With an international membership, the IAP is a private company limited by guarantee and a registered charity in England and Wales. Its objectives are to promote the ethical development of computer systems and applications. In addition, it promotes the learning of systems development to all ages.

The IAP has its head office in Hanwell, London and its Administration Centre in Nantwich.

===Timeline===

- 1972: Founded as the University Computer Association
- 1981: Name Changed to The Institution of Analysts and Programmers
- 1981: The late Bob Charles is appointed as Secretary General
- 1990: Mike Ryan appointed Director General
- 1992: Institution Incorporated
- 1994: Granted Coat of Arms
- 2010: Alastair Revell appointed as Director General
- 2011: Transformation Programme Started
- 2013: The Ten E's Programme Launched
- 2016: The Institution becomes a founder member of the Cyber Security Alliance
- 2017: Adopted a new constitution
- 2018: The Institution registered as a charity in England and Wales (Charity Number 1179558)
- 2021: Founding Member of the UK Cyber Security Council
- 2022: Celebrated 50th Anniversary

==Governance==
The IAP is governed by a Trustee Board, which comprises:

(a) up to six Elected Trustees elected at a general meeting by the membership;

(b) up to three Lay Trustees appointed from outside of the membership of the Institution by the Trustee Board;

(c) an appointed Trustee to act as Treasurer as an Ex Officio Trustee;

(d) the Director General as an Ex Officio Trustee (unless remunerated);

(e) the Chair of the council as an Ex Officio Trustee;

(f) the vice-chair of the council as an Ex Officio Trustee.

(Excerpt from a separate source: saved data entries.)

Lemma newton_limit_root x :
  val_converges v newton_seq x -> root f x /\ vge v (x - a) (N - e).
Proof.
move=> lim_x; have e_ge0 := vf'a_ge0.
have near_lim n : exists M, [/\ (`|n| <= M)%N, newton_inv M (newton_seq M)
    & vge v (newton_seq M - x) n].
  have [M0 hM0] := lim_x n; exists (maxn M0 `|n|).
  by split; rewrite ?leq_maxr ?hM0 ?leq_maxl //; apply: newton_seq_inv.
have xA : x \in valring.
  have [M [_ [sA _ _ _ _] close]] := near_lim 0.
  by rewrite -(subKr (newton_seq M) x) rpredB.
split; last first.
  have [M [_ [_ _ _ sa_small _] close]] := near_lim (N - e).
  have -> : x - a = (newton_seq M - a) - (newton_seq M - x) by ring.
  by rewrite vgeB.
apply/rootP/eqP/contraT => fx0.
have [M [le_M [sA _ _ _ fs_small] close]] := near_lim (v f.[x] + 1).
have [z zA Ez] := polyOver_hornerB fA sA xA.
have fs_small' : vge v f.[newton_seq M] (v f.[x] + 1).
  by apply: vge_le fs_small; lia.
have diff_small : vge v (f.[newton_seq M] - f.[x]) (v f.[x] + 1).
  by rewrite Ez vgeMr.
have := vgeB fs_small' diff_small.
by rewrite opprB addrC subrK vge_vS.
Qed.

Theorem hensel : val_complete v -> exists2 x, root f x & vge v (x - a) (N - e).
Proof.
move=> complete; have [x /newton_limit_root[fx0 close]] := complete _ newton_seq_cauchy.
by exists x.
Qed.

End Newton.

Section Discriminant.
Variables (f : {poly K}).
Hypotheses (fA : f \is a polyOver valring) (mon_f : f \is monic)
  (disc_neq0 : resultant f f^`() != 0).
Local Notation D := (resultant f f^`()).

Lemma disc_valring : D \in valring.
Proof. by rewrite rpred_resultant ?polyOver_deriv. Qed.

Lemma vdisc_ge0 : 0 <= v D.
Proof. by have := disc_valring; rewrite unfold_in /inA vge_nz. Qed.

(* With [D = u f + w f^`()] for integral [u] and [w], the values [f.[a]] and
   [f^`().[a]] cannot both lie in [pi^(v D + 1) A]. *)
Lemma vderiv_le_vdisc a : a \in valring -> vge v f.[a] (v D + 1) ->
  f^`().[a] != 0 /\ v f^`().[a] <= v D.
Proof.
move=> aA fa_small; apply: vge_vSN; apply/negP => f'a_small.
have [dS0|dS_gt0] := posnP ((size f^`()).-1 + (size f).-1).
  have sz_f : (size f <= 1)%N by move: dS0; rewrite -!subn1; lia.
  have fa1 : f.[a] = 1.
    rewrite (size1_polyC sz_f) hornerC -(monicP mon_f) lead_coefE.
    by case: (size f) sz_f => [|[|]].
  by move: fa_small; rewrite fa1 vge_nz ?oner_neq0 // v1; have := vdisc_ge0; lia.
have f'A : f^`() \is a polyOver valring by rewrite polyOver_deriv.
have [u [w [uA wA Duw]]] := resultant_in_ideal_over dS_gt0 fA f'A.
have /negP[] : ~~ vge v D (v D + 1) by rewrite vge_vS.
have Da : D = u.[a] * f.[a] + w.[a] * f^`().[a].
  by rewrite -(hornerC D a) Duw !hornerE.
by rewrite {1}Da vgeD ?vgeMl ?rpred_horner.
Qed.

Lemma roots_eq_of_close x y :
  root f x -> root f y -> vge v (x - y) (v D + 1) -> x = y.
Proof.
move=> fx0 fy0 close; apply/eqP/contraT => neq_xy.
have xA := root_monic_valring fA mon_f fx0.
have [q qA Ef] := polyOver_factor_XsubC fA (root_monic_valring fA mon_f fy0).
rewrite (rootP fy0) addr0 in Ef.
have qx0 : q.[x] = 0.
  move: (rootP fx0); rewrite Ef hornerM hornerXsubC => /eqP.
  by rewrite mulf_eq0 subr_eq0 (negbTE neq_xy) orbF => /eqP.
have f'x : f^`().[x] = q^`().[x] * (x - y).
  by rewrite Ef derivM derivXsubC mulr1 !hornerE qx0 addr0.
have fx_small : vge v f.[x] (v D + 1) by rewrite (rootP fx0) vge0.
have [f'x0 le_vD] := vderiv_le_vdisc xA fx_small.
have : vge v f^`().[x] (v D + 1) by rewrite f'x vgeMl ?rpred_horner ?polyOver_deriv.
by rewrite vge_nz //; move: le_vD; lia.
Qed.

Lemma root_near a (N : int) : val_complete v -> a \in valring ->
  2 * v D < N -> vge v f.[a] N -> exists2 x, root f x & vge v (x - a) (v D + 1).
Proof.
move=> complete aA lt_N fa_small; have vD_ge0 := vdisc_ge0.
have /(vderiv_le_vdisc aA)[f'a0 le_vD] : vge v f.[a] (v D + 1).
  by apply: vge_le fa_small; lia.
have lt_N' : 2 * v f^`().[a] < N by lia.
have [x fx0 close] := hensel fA aA f'a0 lt_N' fa_small complete.
by exists x => //; apply: vge_le close; lia.
Qed.

End Discriminant.
End Valuation.


Theorem theorem3p9 (K : fieldType) (v : K -> int) (pi : K)
  (hv : discrete_valuation v pi) (hcomp : val_complete v)
  (hres : finite_residue v)
  (f : {poly K}) (hfA : forall i : nat, inA v f`_i) (hmon : f \is monic)
  (hD : resultant f f^`() != 0)
  (N : nat) (hN : 2 * v (resultant f f^`()) < N%:Z) :
  let r := v (resultant f f^`()) in
  [/\ (* every root of f in K lies in A *)
      forall x : K, root f x -> inA v x,
      (* the map x |-> [x mod pi^N] lands in S_N/~ *)
      forall x : K, root f x -> in_SN v N f x,
      (* injectivity *)
      forall x y : K, root f x -> root f y -> approx v N r x y -> x = y,
      (* surjectivity *)
      forall a : K, in_SN v N f a -> exists2 x : K, root f x & approx v N r x a
    & (* counting: #roots of f in K = |S_N / ~| (via a transversal L) *)
      exists s : seq K, [/\ uniq s, (forall x, root f x = (x \in s)) &
        exists L : seq K, [/\ all (in_SN v N f) L,
          (forall i j : nat, (i < size L)%N -> (j < size L)%N ->
             approx v N r (nth 0 L i) (nth 0 L j) -> i = j),
          (forall a, in_SN v N f a -> exists2 b, b \in L & approx v N r a b) &
          size L = size s]]].
Proof.
move=> r; have fA := introT (polyOver_valringP hv f) hfA.
have r_ge0 : 0 <= r := vdisc_ge0 hv fA hD.
have approxE x y : approx v N r x y = vge v (x - y) (r + 1).
  by rewrite /approx ifF //; apply/negbTE; rewrite -ltNge; lia.
have rootA x : root f x -> inA v x := root_monic_valring hv fA hmon.
have root_SN x : root f x -> in_SN v N f x.
  by move=> fx0; rewrite /in_SN rootA // (rootP fx0) vge0.
have inj x y : root f x -> root f y -> approx v N r x y -> x = y.
  by move=> fx0 fy0; rewrite approxE; apply: (roots_eq_of_close hv fA hmon hD).
have surj a : in_SN v N f a -> exists2 x, root f x & approx v N r x a.
  case/andP => aA fa_small.
  have [x fx0 close] := root_near hv fA hmon hD hcomp aA hN fa_small.
  by exists x; rewrite ?approxE.
have [s [s_uniq s_roots]] := poly_roots_seq (monic_neq0 hmon).
split => //; exists s; split => //; exists s; split => //.
- by apply/allP => x; rewrite -s_roots; apply: root_SN.
- move=> i j lt_i lt_j /inj eq_ij; apply/eqP; rewrite -(nth_uniq 0 lt_i lt_j s_uniq).
  by apply/eqP/eq_ij; rewrite s_roots mem_nth.
- move=> a /surj[x fx0 close]; exists x; first by rewrite -s_roots.
  by move: close; rewrite !approxE -opprB (vgeN hv).
Qed.
(* Pointwise lower bound on the window [t0, t0 + window * sqrt t0], where
   t ~ t0, f(t) >= f(2 t0) >= f(t0)/4 and the Gaussian exponent is at most 1. *)
Lemma integrand_lower (r t : R) : 1 <= r ->
  peak_time r <= t <= peak_time r + window * sqrt (peak_time r) ->
  exp (- a * ln 2 - a * ln (peak_time r) - 2 * b / c * r - 1) * (f (peak_time r) / 4)
    <= integrand f a b c r t.
Proof.
intros hr ht.
assert (ht0 := peak_time_pos r ltac:(lra)).
assert (htm := t_min_le r hr).
assert (hkap := window_pos).
set (t0 := peak_time r) in *. set (q := sqrt t0) in *.
assert (hq : 0 < q) by (apply sqrt_lt_R0; lra).
assert (hq2 : q ^ 2 = t0) by (apply pow2_sqrt; lra).
assert (hkapq : window <= q)
  by (apply Rle_trans with (sqrt t_min); [apply Rmin_l | apply sqrt_le_1_alt; exact htm]).
assert (hkapb : b * window <= 1).
{ apply Rle_trans with (b * / b); [apply Rmult_le_compat_l; [lra | apply Rmin_r] |].
  rewrite Rinv_r by lra. lra. }
assert (Hw : window * q <= t0) by (rewrite <- hq2; nra).
rewrite integrand_weight, weight_exp by lra. fold (peak_time r) t0.
assert (Hf : f t0 / 4 <= f t).
{ assert (H := ht2f t0 (2 * t0) ht0 ltac:(lra)).
  assert (Hdouble : f t0 / 4 <= f (2 * t0)) by (assert (0 < t0 ^ 2) by nra; nra).
  apply Rle_trans with (1 := Hdouble). apply hf_noninc; lra. }
apply Rmult_le_compat; [left; apply exp_pos | assert (0 < f t0) by auto; lra | | exact Hf].
apply exp_le_compat.
assert (a * ln t <= a * ln 2 + a * ln t0).
{ rewrite <- Rmult_plus_distr_l, <- ln_mult by lra.
  apply Rmult_le_compat_l; [exact ha | apply ln_le; lra]. }
assert (b ^ 2 * (t - t0) ^ 2 / t <= 1).
{ assert (b * (t - t0) <= q) by nra.
  assert (0 <= b * (t - t0)) by nra.
  assert ((b * (t - t0)) ^ 2 <= q ^ 2) by (apply pow_incr; lra).
  assert (b ^ 2 * (t - t0) ^ 2 <= t) by (rewrite Rpow_mult_distr in *; lra).
  apply Rmult_le_reg_r with t; [lra |]. unfold Rdiv.
  rewrite Rmult_assoc, Rinv_l by lra. lra. }
lra.
Qed.
(* Let \(R\) be a nuclear bornological \(V\)-algebra. Then the linear growth bornological algebra \(\mathrm{ling}(R)\) and its completion \(R^{\dagger}=\overline{\mathrm{ling}(R)}\) are nuclear.
   Context: Let \(V\) be a complete discrete valuation ring with uniformiser \(\pi\). A bornology on a set is a collection of subsets (called bounded) containing all finite subsets and closed under finite unions and under taking subsets. A bornological \(V\)-module is a \(V\)-module with a bornology such that every bounded subset is contained in a bounded \(V\)-submodule; it is complete if every bounded subset is contained in a bounded \(\pi\)-adically complete \(V\)-submodule. The completion \(\overline M\) of \(M\) is the complete bornological \(V\)-module with a bounded map \(M\to\overline M\) through which every bounded map from \(M\) to a complete module factors uniquely. A bornological \(V\)-algebra is a \(V\)-algebra with such a bornology and bounded multiplication. The linear growth bornology on \(R\) is the bornology generated by the \(V\)-submodules \(\sum_{i\ge0}\pi^iS^{i+1}\) for \(S\subseteq R\) bounded in the original bornology; \(\mathrm{ling}(R)\) denotes \(R\) with this bornology. A subset \(S\) of a bornological \(V\)-module \(M\) is compactoid if there is a bounded \(V\)-submodule \(T\subseteq M\) with \(S\subseteq T\) such that for every \(n\) there is a finite \(F_n\subseteq T\) with \(S\subseteq VF_n+\pi^nT\); \(M\) is nuclear if every bounded subset is compactoid. *)

From HB Require Import structures.
From mathcomp Require Import all_boot all_order all_algebra.
From mathcomp Require Import boolp classical_sets functions cardinality.
Set Implicit Arguments. Unset Strict Implicit. Unset Printing Implicit Defensive.
Import GRing.Theory.
Local Open Scope ring_scope.
Local Open Scope classical_set_scope.

Section Defs.
Variables (V : idomainType).

Definition is_dvr_unif (pi : V) : Prop :=
  [/\ pi != 0, pi \isn't a GRing.unit &
      forall x : V, x != 0 -> exists u : V, exists n : nat,
        u \is a GRing.unit /\ x = u * pi ^+ n].

Definition pi_complete_ring (pi : V) : Prop :=
  (forall x : V, (forall n : nat, exists y, x = pi ^+ n * y) -> x = 0) /\
  (forall a : nat -> V,
     (forall n, exists y, a n.+1 - a n = pi ^+ n * y) ->
     exists l : V, forall n, exists y, l - a n = pi ^+ n * y).

Definition is_complete_dvr (pi : V) : Prop :=
  is_dvr_unif pi /\ pi_complete_ring pi.

Section Mod.
Variable M : lmodType V.

Definition submodule (T : set M) : Prop :=
  [/\ T 0, (forall x y, T x -> T y -> T (x + y)) &
      (forall (a : V) x, T x -> T (a *: x))].

Definition pimul (pi : V) (n : nat) (T : set M) : set M :=
  [set pi ^+ n *: t | t in T].

Definition span (A : set M) : set M :=
  [set x | exists s : seq (V * M),
      (forall p, p \in s -> A p.2) /\ x = \sum_(p <- s) p.1 *: p.2].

The Trustee Board elects the President and vice-president from the Elected Trustees.

The day-to-day operation of the Institution is delegated to the Director General, who appoints the executive board, which includes an Operations Director and a Director for Membership Engagement.

==Membership==
The IAP has the following grades of membership:

- Licentiate (LIAP)
- Graduate Member (GradIAP)
- Associate Member (AMIAP)
- Member (MIAP)
- Fellow (FIAP)
- Distinguished Fellow (DFIAP)

It also has two grades that do not carry post-nominal letters: Registrant and Affiliate.

== Work ==

The Institution has been extensively involved in the formation of the UK Cyber Security Council, becoming a founding member of the Cyber Security Alliance in 2016, which successfully bid to form the Council for HM Government. The project was led by the IET, a fellow alliance partner.

In 2021, the Institution supported the inaugural Cyber OSPAs fielding Alastair Revell (its Director General) as a judge.

==Communities of Practice==
The Institution has recently established a Community of Practice around cyber security (Cyber COP), bringing together a number of leading software developers with experience in writing secure code.

==Academic Prizes Programme==
The Academic Prizes Programme is a venture with some universities where the IAP awards prizes to students for their software projects. The awards are given for excellence in design and development. John Thompson was an early recipient of this scheme at the University of Plymouth.

==Webinars==
The Institution runs a series of webinars during the year, presented by members and guest speakers on a variety of IT and software releated subjects. They maintain a library of previous webinars on their YouTube channel.

Previous speakers include Paul Lynham, John Ellis, Luc Poulin, Chris Mercer, Dr Toby Mottram.

==Subsidiary==
The Institution is the parent body of the Trustworthy Software Foundation, the successor body to the Trustworthy Software Initiative (TSI) established under the UK National Cyber Security Programme I to promote good software development practices.